(INFORMATION GIVEN)
#####
Lemma lyap_ge0 x : 0 <= lyap x.
Proof.
rewrite /lyap; case: ifP => h.
  by apply: sumr_ge0 => i _; rewrite exprn_ge0 // (le_trans ler01 lyap_base_ge1).
apply: mulr_ge0; first exact: ltW lyap_slope_gt0.
by rewrite subr_ge0 ler_nat; move/negbT: h; lia.
Qed.

Lemma lyap_target : lyap y = 0.
Proof. by rewrite /lyap leqnn big_geq. Qed.

Lemma lyap_lt x : (x < y)%N -> lyap x = lyap_base ^+ x.+1 + lyap x.+1.
Proof. by move=> h; rewrite /lyap h (ltnW h) big_ltn. Qed.

Lemma lyap_ge x : (y <= x)%N -> lyap x = lyap_slope * (x%:R - y%:R).
Proof.
move=> h; have [->|ne] := eqVneq x y; first by rewrite lyap_target subrr mulr0.
by rewrite /lyap ifF //; apply/negbTE; lia.
Qed.

Lemma lyap_drift_below x : (x < y)%N ->
  \sum_(z < x.+2) P x z * lyap z <= lyap x - 1.
Proof.
case: x => [|x] h.
  rewrite P_row0 (lyap_lt h) expr1.
  have := pup_mul_lyap_base 0; have := lyap_ge0 1; have := pup_lt1 (ha 0); nra.
rewrite P_rowS (lyap_lt (ltnW h)) (lyap_lt h) (exprSr lyap_base x.+1).
rewrite (pstayE (ha x.+1)); set G := lyap_base ^+ x.+1.
have G_ge1 : 1 <= G by rewrite exprn_ege1 ?lyap_base_ge1.
have up : 2 * G <= pup (a x.+1) * lyap_base * G.
  by rewrite ler_wpM2r ?pup_mul_lyap_base //; lra.
have down : pdown (a x.+1) * G <= G.
  by rewrite ler_piMl ?pdown_le1 //; lra.
nra.
Qed.
Lemma P3_shrink_in_P2 (B RS F : 'I_U -> R) l :
  (forall u, 0 < B u) -> (forall u, 0 <= RS u /\ 0 <= F u) ->
  \sum_(u < U) B u <= Btot -> \sum_(u < U) RS u <= RStot -> \sum_(u < U) F u <= Ftot ->
  (forall u, RS u <= B u * r u <= RS u / zeta u) ->
  (forall u, F u / rho u = (B u * r u - RS u) / (1 - zeta u)) ->
  0 < l < 1 ->
  P2_values (\big[Order.max/-oo%E]_(u < U) (D u / (l * (B u * r u)))%:E).
Proof.
move=> B_gt0 RS_F_ge0 sumB sumRS sumF range F_eq /andP[l_gt0 l_lt1].
(* The freed computation budget is shared equally; for U = 0 the junk value d = 0 is harmless. *)
pose d := (1 - l) * Ftot / U%:R.
have d_ge0 : 0 <= d by rewrite divr_ge0 ?mulr_ge0 // ltW // subr_gt0.
have c_gt0 u : 0 < B u * r u by rewrite mulr_gt0.
have shrink u := T_V_opt_shrink (D u) (rho_gt0 u) (zeta_in01 u) (c_gt0 u) (range u)
  (F_eq u) l_gt0 d_ge0.
have sum_shrink (x : 'I_U -> R) : (forall u, 0 <= x u) ->
    \sum_(u < U) l * x u <= \sum_(u < U) x u.
  by move=> x_ge0; rewrite -mulr_sumr ler_piMl ?sumr_ge0 // ltW.
exists (fun u => l * B u), (fun u => l * RS u), (fun u => l * F u + d).
split.
  move=> u; have [RS_ge0 F_ge0] := RS_F_ge0 u.
  have [z_gt0 _] := andP (zeta_in01 u).
  have RS_gt0 : 0 < RS u.
    have := lt_le_trans (c_gt0 u) (proj2 (andP (range u))).
    by rewrite pmulr_lgt0 // invr_gt0.
  have U_gt0 : (0 < U)%N by apply: leq_ltn_trans (ltn_ord u).
  have d_gt0 : 0 < d by rewrite divr_gt0 ?ltr0n ?mulr_gt0 // subr_gt0.
  by rewrite !mulr_gt0 // ltr_wpDl // mulr_ge0 // ltW.
split.
  by rewrite big1 // => u _; case: (shrink u).
split; first by apply: le_trans sumB; apply: sum_shrink => u; exact/ltW.
split; first by apply: le_trans sumRS; apply: sum_shrink => u; case: (RS_F_ge0 u).
split.
  rewrite big_split /= sumr_const card_ord.
  have d_sum : d *+ U <= (1 - l) * Ftot.
    rewrite -mulr_natr /d; have [->|U_gt0] := posnP U.
      by rewrite mulr0 mulr_ge0 // ltW // subr_gt0.
    by rewrite divfK // pnatr_eq0 -lt0n.
  have := sum_shrink F (fun u => (RS_F_ge0 u).2).
  have : 0 <= \sum_(u < U) F u by apply: sumr_ge0 => u _; case: (RS_F_ge0 u).
  rewrite -mulr_sumr; nra.
by apply: eq_bigr => u _; case: (shrink u) => ->.
Qed.

Lemma ereal_inf_P2_le_P3 : (ereal_inf P2_values <= ereal_inf P3_values)%E.
Proof.
apply/ereal_infP => _ [B [RS [F [pos [sumB [sumRS [sumF [range [F_eq ->]]]]]]]]].
have [B_gt0|] := boolP [forall u, 0 < B u]; last first.
  rewrite negb_forall => /existsP[u]; rewrite lt_def (pos u).1 andbT negbK => /eqP B0.
  apply: le_trans (leey _) _.
  have := le_bigmax -oo%E (fun u => ediv_inf (D u) (B u * r u)) u.
  by rewrite /ediv_inf B0 mul0r eqxx.
move/forallP: B_gt0 => B_gt0.
have c_gt0 u : 0 < B u * r u by rewrite mulr_gt0.
pose a u := D u / (B u * r u).
have a_ge0 u : 0 <= a u by rewrite divr_ge0 ?ltW.
(* Shrinking by l = K / (K + e) with K >= every a u raises each delay by at most e. *)
pose K := 1 + \sum_(u < U) a u.
have a_le_K u : a u <= K.
  have rest_ge0 : 0 <= \sum_(v < U | v != u) a v by apply: sumr_ge0 => v _.
  by rewrite /K (bigD1 u) //=; lra.
have K_gt0 : 0 < K by rewrite ltr_pwDl ?sumr_ge0.
apply/lee_addgt0Pr => e e_gt0; apply: ge_ereal_inf.
pose l := K / (K + e).
have Ke_gt0 : 0 < K + e by rewrite addr_gt0.
have l_in01 : 0 < l < 1 by rewrite /l divr_gt0 //= ltr_pdivrMr // mul1r ltrDl.
exists (\big[Order.max/-oo%E]_(u < U) (D u / (l * (B u * r u)))%:E).
  apply: (P3_shrink_in_P2 (RS := RS) (F := F)) => // u; by case: (pos u) => _ [].
apply/bigmax_leP; split => [|u _]; first by rewrite leNye.
have -> : D u / (l * (B u * r u)) = a u / l by rewrite /a [l * _]mulrC invfM mulrA.
apply: le_trans (_ : (a u + e)%:E <= _)%E.
  by rewrite lee_fin shrink_div_le ?a_ge0 ?a_le_K.
rewrite EFinD leeD2r //; apply: le_trans (le_bigmax _ _ u).
by rewrite /ediv_inf gt_eqF.
Qed.

Lemma ereal_inf_P2_eq_P3 : ereal_inf P2_values = ereal_inf P3_values.
Proof.
apply/le_anti; rewrite ereal_inf_P2_le_P3 /=.
by apply/ereal_infP => y /P2_values_sub_P3; exact: ereal_inf_lbound.
Qed.

End Problems.

Theorem theorem3 (R : realType) (U : nat)
  (D r rho zeta : 'I_U -> R)
  (hD : forall u, 0 < D u) (hr : forall u, 0 < r u) (hrho : forall u, 0 < rho u)
  (hzeta : forall u, 0 < zeta u < 1)
  (Vtot Btot RStot Ftot : R)
  (hV : 0 <= Vtot) (hB : 0 < Btot) (hRS : 0 < RStot) (hF : 0 < Ftot) :
  ereal_inf [set x : \bar R | exists B RS F : 'I_U -> R,
      (forall u, 0 < B u /\ 0 < RS u /\ 0 < F u) /\
      \sum_(u < U) V_opt (D u) (r u) (rho u) (zeta u) (B u) (RS u) (F u) <= Vtot /\
      \sum_(u < U) B u <= Btot /\
      \sum_(u < U) RS u <= RStot /\
      \sum_(u < U) F u <= Ftot /\
      x = \big[Order.max/-oo%E]_(u < U)
            (T_opt (D u) (r u) (rho u) (zeta u) (B u) (RS u) (F u))%:E]
  =
  ereal_inf [set x : \bar R | exists B RS F : 'I_U -> R,
      (forall u, 0 <= B u /\ 0 <= RS u /\ 0 <= F u) /\
      \sum_(u < U) B u <= Btot /\
      \sum_(u < U) RS u <= RStot /\
      \sum_(u < U) F u <= Ftot /\
      (forall u, RS u <= B u * r u <= RS u / zeta u) /\
      (forall u, F u / rho u = (B u * r u - RS u) / (1 - zeta u)) /\
      x = \big[Order.max/-oo%E]_(u < U) ediv_inf (D u) (B u * r u)].
Proof. exact (ereal_inf_P2_eq_P3 hD hr hrho hzeta Btot RStot hV hF). Qed.
Fixpoint path_pos (n : nat) (x y : St) : Prop :=
  match n with
  | O => x = y
  | S n => exists z, 0 < p x z /\ path_pos n z y
  end.

Definition irreducible : Prop := forall x y, exists n, path_pos n x y.

(** [avoid A n x] = P_x[ X(t) \notin A for t = 1..n ]. *)
Fixpoint avoid (A : St -> Prop) (n : nat) (x : St) : R :=
  match n with
  | O => 1
  | S n => sumS (fun y => p x y * pif (A y) 0 (avoid A n y))
  end.

(** Positive recurrence: E_x[tau_x] = sum_{n>=0} P_x[tau_x > n] < infinity. *)
Definition positive_recurrent : Prop :=
  forall x, exists l, infinite_sum (fun n => avoid (fun y => y = x) n x) l.

Variable mu : St -> R.

Definition invariant_prob : Prop :=
  (forall x, 0 <= mu x) /\
  infinite_sum (fun n => match enum n with Some x => mu x | None => 0 end) 1 /\
  (forall y, sumS (fun x => mu x * p x y) = mu y).

Definition reversible : Prop := forall x y, mu x * p x y = mu y * p y x.

Definition chain_setting : Prop :=
  is_enum enum /\ stochastic /\ irreducible /\ positive_recurrent /\
  invariant_prob /\ reversible.

(** [hitn A B n x] = P_x[ tau_A < tau_B, tau_A <= n ], tau = first time > 0. *)
Fixpoint hitn (A B : St -> Prop) (n : nat) (x : St) : R :=
  match n with
  | O => 0
  | S n => sumS (fun y => p x y * pif (B y) 0 (pif (A y) 1 (hitn A B n y)))
  end.

(** P_x[ tau_A < tau_B ]. *)
Definition hit (A B : St -> Prop) (x : St) : R := lim (fun n => hitn A B n x).

Definition muS (A : St -> Prop) : R := sumIn A mu.
(* Let $r\in\mathbb{N}_0$, $s\in\mathbb{N}$, and let $I,J$ be finite sets with $|I|=r$, $|J|=r+s$. Let $n\in\mathbb{N}$ (so $n\ge1$) and $A=(a_{i,j})\in\mathbb{N}_0^{I\times J}$ with $\sum_{j\in J}a_{i,j}\le n$ for all $i\in I$, and suppose exactly $u$ rows of $A$ have exactly one non-zero entry. Then $$\min\{\|\mathbf{v}\|_\infty\mid \mathbf{0}\neq\mathbf{v}\in\ker(A)\cap\mathbb{Z}^J\}\ \le\ \left\lfloor n^{\frac{r-u}{s}}\right\rfloor,$$ where $\ker(A)$ is the kernel of the linear map $\mathbb{Q}^J\to\mathbb{Q}^I$ given by $A$ and $\|\mathbf{v}\|_\infty=\max_j|v_j|$ (in particular, the set on the left is non-empty). *)

From HB Require Import structures.
From mathcomp Require Import all_boot all_order all_algebra.
From mathcomp Require Import all_classical all_reals all_analysis.
Set Implicit Arguments. Unset Strict Implicit. Unset Printing Implicit Defensive.

From HB Require Import structures.
From mathcomp Require Import all_boot all_order all_algebra.
From mathcomp Require Import all_classical all_reals all_analysis.
From mathcomp Require Import zify.
Set Implicit Arguments. Unset Strict Implicit. Unset Printing Implicit Defensive.
Import Order.TTheory GRing.Theory Num.Theory.
Local Open Scope ring_scope.

(* Siegel's lemma by pigeonhole: a matrix with row sums at most n maps the
   (H+1)^c vectors with entries in [0, H] on c columns to at most (nH+1)^d
   vectors on its d rows, so if (nH+1)^d < (H+1)^c two of them collide and
   their difference is a non-zero kernel vector of norm at most H.  A row with
   a single non-zero entry forces that coordinate to vanish, so the u such rows
   can be dropped together with the at most u columns they meet.  For
   H = floor(n^((r-u)/s)) we have n^(r-u) < (H+1)^s, whence
   (nH+1)^(r-u) < (H+1)^(r-u+s). *)

Lemma leq_card_bigcup (I T : finType) (P : pred I) (F : I -> {set T}) :
  (#|\bigcup_(i | P i) F i| <= \sum_(i | P i) #|F i|)%N.
Proof.
apply: (big_ind2 (fun (A : {set T}) m => #|A| <= m)%N) => //.
- by rewrite cards0.
- move=> A m B k leAm leBk.
  by apply: leq_trans (leq_card_setU A B) _; apply: leq_add.
Qed.

Lemma powR_divX (R : realType) (x : R) (k s : nat) : 0 <= x -> (0 < s)%N ->
  (x `^ (k%:R / s%:R)) ^+ s = x ^+ k.
Proof.
move=> x_ge0 s_gt0; rewrite -powR_mulrn ?powR_ge0 // -powRrM.
by rewrite divfK ?pnatr_eq0 -?lt0n // powR_mulrn.
Qed.

Lemma expn_lt_truncn_root (R : realType) (n k s : nat) : (0 < s)%N ->
  (n ^ k < (Num.truncn ((n%:R : R) `^ (k%:R / s%:R))).+1 ^ s)%N.
Proof.
move=> s_gt0; rewrite -(ltr_nat R) !natrX -(powR_divX _ (ler0n _ n) s_gt0).
by rewrite ltrXn2r -?lt0n ?powR_ge0 ?truncnS_gt.
Qed.

Lemma ltn_pigeonhole_exp (n H k s : nat) : (0 < n)%N ->
  (n ^ k < H.+1 ^ s)%N -> ((n * H).+1 ^ k < H.+1 ^ (k + s))%N.
Proof.
move=> n_gt0; case: k => [|k] lt_nk; first by rewrite add0n.
have le_nH : ((n * H).+1 <= n * H.+1)%N by nia.
rewrite -(leq_exp2r _ _ (ltn0Sn k)) in le_nH.
apply: leq_ltn_trans le_nH _; rewrite expnMn expnD mulnC.
by rewrite ltn_pmul2l ?expn_gt0.
Qed.

Section Siegel.

Variables (I J : finType) (a : I -> J -> nat) (n H : nat).
Hypothesis row_sum_le : forall i, (\sum_j a i j <= n)%N.

Variables (D : {set I}) (C : {set J}).

Definition zext (y : {ffun {j | j \in C} -> 'I_H.+1}) (j : J) : nat :=
  if insub j is Some j' then nat_of_ord (y j') else 0%N.

Lemma zext_le y j : (zext y j <= H)%N.
Proof. by rewrite /zext; case: insubP => // j' _ _; rewrite -ltnS. Qed.

Lemma zext_out y j : j \notin C -> zext y j = 0%N.
Proof. by move=> jC; rewrite /zext insubN. Qed.

Lemma row_zext_le y i : (\sum_j a i j * zext y j <= n * H)%N.
Proof.
apply: leq_trans (leq_mul (row_sum_le i) (leqnn H)); rewrite big_distrl.
by apply: leq_sum => j _; rewrite leq_mul ?zext_le.
Qed.

Definition row_image (y : {ffun {j | j \in C} -> 'I_H.+1}) :
    {ffun {i | i \in D} -> 'I_(n * H).+1} :=
  [ffun i => inord (\sum_j a (val i) j * zext y j)].

Lemma siegel_supported : ((n * H).+1 ^ #|D| < H.+1 ^ #|C|)%N ->
  exists v : J -> int,
    [/\ exists j, v j != 0, forall i, i \in D -> \sum_j (a i j)%:Z * v j = 0,
        forall j, j \notin C -> v j = 0 & forall j, (`|v j| <= H)%N].
Proof.
move=> card_lt.
have /injectivePn [y [z neq_yz eq_img]] : ~~ injectiveb row_image.
  apply: contraTN card_lt => /injectiveP/leq_card.
  by rewrite !card_ffun !card_ord !card_sig -leqNgt.
exists (fun j => (zext y j)%:Z - (zext z j)%:Z); split.
- have [j' neq_j'] : exists j', y j' != z j'.
    apply/existsP; apply: contraNT neq_yz => /existsPn eq_yz.
    by apply/eqP/ffunP => j; apply/eqP/negbNE.
  by exists (val j'); rewrite /zext valK subr_eq0 eqz_nat.
- move=> i iD; have := congr1 (fun f : {ffun {i | i \in D} -> 'I_(n * H).+1} =>
    nat_of_ord (f (Sub i iD))) eq_img.
  rewrite /= !ffunE !inordK ?ltnS ?row_zext_le // => eq_rows.
  under eq_bigr do rewrite mulrBr -!PoszM.
  by rewrite sumrB -!raddf_sum /= eq_rows subrr.
- by move=> j jC; rewrite !zext_out.
- by move=> j; have := zext_le y j; have := zext_le z j; lia.
Qed.

End Siegel.

Theorem lemma5p2 (R : realType) (r s : nat) (I J : finType)
  (hs : (0 < s)%N) (hI : #|I| = r) (hJ : #|J| = (r + s)%N)
  (n : nat) (hn : (1 <= n)%N) (a : I -> J -> nat)
  (hrow : forall i : I, (\sum_(j : J) a i j <= n)%N)
  (u : nat)
  (hu : #|[set i : I | #|[set j : J | a i j != 0%N]| == 1%N]| = u) :
  exists v : J -> int,
    [/\ exists j : J, v j != 0,
        forall i : I, \sum_(j : J) (a i j)%:Z * v j = 0
      & ((\max_(j : J) `|v j|%N)%:Z
          <= Num.floor ((n%:R : R) `^ ((r%:R - u%:R) / s%:R)))].
Proof.
have le_ur : (u <= r)%N by rewrite -hu -hI max_card.
rewrite -natrB //; set x := _ `^ _; set H := Num.truncn x.
have floor_x : Num.floor x = H%:Z.
  by rewrite /H truncn_floor powR_ge0 gez0_abs // floor_ge0 powR_ge0.
set S := [set i | _] in hu.
pose K := \bigcup_(i in S) [set j | a i j != 0%N].
have card_K : (#|K| <= u)%N.
  apply: leq_trans (leq_card_bigcup _ _) _; rewrite -hu -sum1_card.
  by apply: leq_sum => i; rewrite inE => /eqP ->.
have card_pigeon : ((n * H).+1 ^ #|~: S| < H.+1 ^ #|~: K|)%N.
  have -> : #|~: S| = (r - u)%N by have := cardsC S; rewrite hI hu; lia.
  apply: leq_trans (ltn_pigeonhole_exp hn (@expn_lt_truncn_root R n (r - u) s hs)) _.
  by rewrite leq_pexp2l //; have := cardsC K; rewrite hJ; lia.
have [v [nz_v row_v out_v le_v]] := siegel_supported hrow card_pigeon.
exists v; split => // [i|].
- have [iS|] := boolP (i \in S); last by move=> iS; apply: row_v; rewrite inE.
  apply: big1 => j _; have [->|aij] := eqVneq (a i j) 0%N; first by rewrite mul0r.
  by rewrite out_v ?mulr0 // inE negbK; apply/finset.bigcupP; exists i; rewrite // inE.
- by rewrite floor_x lez_nat; apply/bigmax_leqP.
Qed.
#####
(EXERCISE BRIEF)
Within the material above, copy exactly the lines from the line that holds "Definition hit (A" up to and including the line that holds "Definition muS (A".

(SOLVED EXERCISE)
Definition hit (A B : St -> Prop) (x : St) : R := lim (fun n => hitn A B n x).

Definition muS (A : St -> Prop) : R := sumIn A mu.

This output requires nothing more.